**EXERCISE AIM:** List each line of the data that holds the string "predT", please.

Stored data
<<<<

Variables (n : nat) (u : 'I_n -> 'I_n -> R) (mu : 'S_n).
Hypothesis hu : profile01 u.

Definition order_seq (s : 'S_n) := [seq s k | k <- enum 'I_n].

Lemma order_seq_uniq s : uniq (order_seq s).
Proof. by rewrite map_inj_uniq ?enum_uniq //; apply: perm_inj. Qed.

Lemma size_order_seq s : size (order_seq s) = n.
Proof. by rewrite size_map size_enum_ord. Qed.

Lemma take_order_seq s t : take t (order_seq s) = map s (take t (enum 'I_n)).
Proof. by rewrite map_take. Qed.

Lemma sd_welfare_ge1 s : 0 < n -> (1 <= sd_welfare u s)%R.
Proof.
move=> n0; rewrite /sd_welfare -/(order_seq s) -/(sd_sum u _ _).
have := size_order_seq s; case: (order_seq s) => [n_eq0 | i r _]; last exact: sd_sum_ge1.
by rewrite -n_eq0 in n0.
Qed.

Lemma RP_welfare_ge1 : 0 < n -> (1 <= RP_welfare u)%R.
Proof.
move=> n0; have N0 : (0 < INR n`!)%R by apply/lt_0_INR/ltP/fact_gt0.
have := @rsum_le _ (index_enum {perm 'I_n}) predT _ _ (fun s _ => sd_welfare_ge1 s n0).
rewrite rsum_const_fin card_Sn Rmult_1_r /RP_welfare => sum_ge.
apply: (Rmult_le_reg_l (INR n`!)) => //.
by rewrite -Rmult_assoc Rinv_r ?Rmult_1_l ?Rmult_1_r //; apply: Rgt_not_eq.
Qed.

Lemma potential_order_seq0 s : potential u mu (order_seq s) setT 0 = welfare u mu.
Proof.
rewrite potential0 /welfare /order_seq big_map big_enum /=.
rewrite [RHS](reindex_inj (@perm_inj _ s)) /=.
by apply: eq_big => [k | k _]; rewrite ?inE // /opt_gain in_setT.
Qed.

(* Transposing positions [t] and [x >= t] of the order is a bijection of
   ['S_n] that leaves the first [t] picks unchanged. *)
Lemma sum_step_gain_potential (i0 : 'I_n) t : t < n ->
  (INR (n - t) * \big[Rplus/0%R]_(s : 'S_n) step_gain u mu i0 (order_seq s) setT t
   = \big[Rplus/0%R]_(s : 'S_n) potential u mu (order_seq s) setT t)%R.
Proof.
move=> tn; set E := enum 'I_n.
have tE : t < size E by rewrite size_enum_ord.
set t0 := nth i0 E t.
have t0_t : (t0 : nat) = t by rewrite /t0 /E nth_enum_ord.
set Av := fun s : 'S_n => avail_after u (take t (order_seq s)) setT.
have step_gainE s : step_gain u mu i0 (order_seq s) setT t = opt_gain u mu (s t0) (Av s).
  by rewrite /step_gain /order_seq (nth_map i0).
have potentialE s : potential u mu (order_seq s) setT t =
    \big[Rplus/0%R]_(x <- drop t E) opt_gain u mu (s x) (Av s).
  by rewrite /potential /order_seq -map_drop big_map.
rewrite (eq_bigr _ (fun s _ => step_gainE s)) (eq_bigr _ (fun s _ => potentialE s)).
rewrite exchange_big /= [RHS](eq_big_seq
  (fun _ => \big[Rplus/0%R]_(s : 'S_n) opt_gain u mu (s t0) (Av s))).
  by rewrite rsum_const_seq size_drop size_enum_ord.
move=> x xt; rewrite [RHS](reindex_inj (mulgI (tperm t0 x))) /=.
apply: eq_bigr => s _; rewrite permM tpermL; congr opt_gain.
rewrite /Av !take_order_seq; congr (avail_after u _ _).
apply/eq_in_map => y yt; have {}yt := take_enum_ord_lt yt; rewrite permM tpermD //.
  by apply/eqP => t0_y; rewrite -t0_y t0_t ltnn in yt.
apply/eqP => x_y; have := drop_enum_ord_ge xt.
by rewrite x_y leqNgt yt.
Qed.

Variable i0 : 'I_n.

Definition total_gain t :=
  \big[Rplus/0%R]_(s : 'S_n) step_gain u mu i0 (order_seq s) setT t.

Definition total_potential t :=
  \big[Rplus/0%R]_(s : 'S_n) potential u mu (order_seq s) setT t.

Lemma total_gain_ge0 t : (0 <= total_gain t)%R.
Proof. by apply: rsum_ge0 => s _; apply: opt_gain_ge0. Qed.

Lemma sum_total_gain_le T : T <= n ->
  (\big[Rplus/0%R]_(0 <= t < T) total_gain t
   <= \big[Rplus/0%R]_(s : 'S_n) sd_welfare u s)%R.
Proof.
move=> Tn; rewrite exchange_big /=; apply: rsum_le => s _.
apply: Rle_trans (step_gains_le_sd_sum hu mu i0 (order_seq s) setT).
rewrite size_order_seq [X in (_ <= X)%R](big_cat_nat _ (n := T)) //=.
rewrite -[X in (X <= _)%R]Rplus_0_r.
by apply: Rplus_le_compat_l; apply: rsum_ge0 => t _; apply: opt_gain_ge0.
Qed.

Lemma total_potential_lower_bound T : T <= n ->
  (INR n`! * welfare u mu
   <= total_potential T + \big[Rplus/0%R]_(0 <= t < T) total_gain t + INR n`! * INR T)%R.
Proof.
move=> Tn.
have bound s : (welfare u mu <= potential u mu (order_seq s) setT T
    + \big[Rplus/0%R]_(0 <= t < T) step_gain u mu i0 (order_seq s) setT t + INR T)%R.
  have := potential_lower_bound hu mu i0 setT (order_seq_uniq s).
  rewrite -potential0 potential_order_seq0 size_order_seq => /(_ T Tn); lra.
have := @rsum_le _ (index_enum {perm 'I_n}) predT _ _ (fun s _ => bound s).
by rewrite !big_split /= !rsum_const_fin card_Sn exchange_big.
Qed.

Lemma total_potential_le_total_gain t T : t < T -> T <= n ->
  (total_potential T <= INR n * total_gain t)%R.
Proof.
move=> tT Tn; have tn := leq_trans tT Tn.
apply: (@Rle_trans _ (total_potential t)).
  apply: rsum_le => s _; apply: potential_nonincreasing (order_seq_uniq s) _ _ => //.
    exact: ltnW.
  by rewrite size_order_seq.
rewrite /total_potential -(sum_step_gain_potential i0 tn) -/(total_gain t).
apply: Rmult_le_compat_r; first exact: total_gain_ge0.
by apply/le_INR/leP; apply: leq_subr.
Qed.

>>>>

**FINISHED TASK:**
have := @rsum_le _ (index_enum {perm 'I_n}) predT _ _ (fun s _ => sd_welfare_ge1 s n0).
have := @rsum_le _ (index_enum {perm 'I_n}) predT _ _ (fun s _ => bound s).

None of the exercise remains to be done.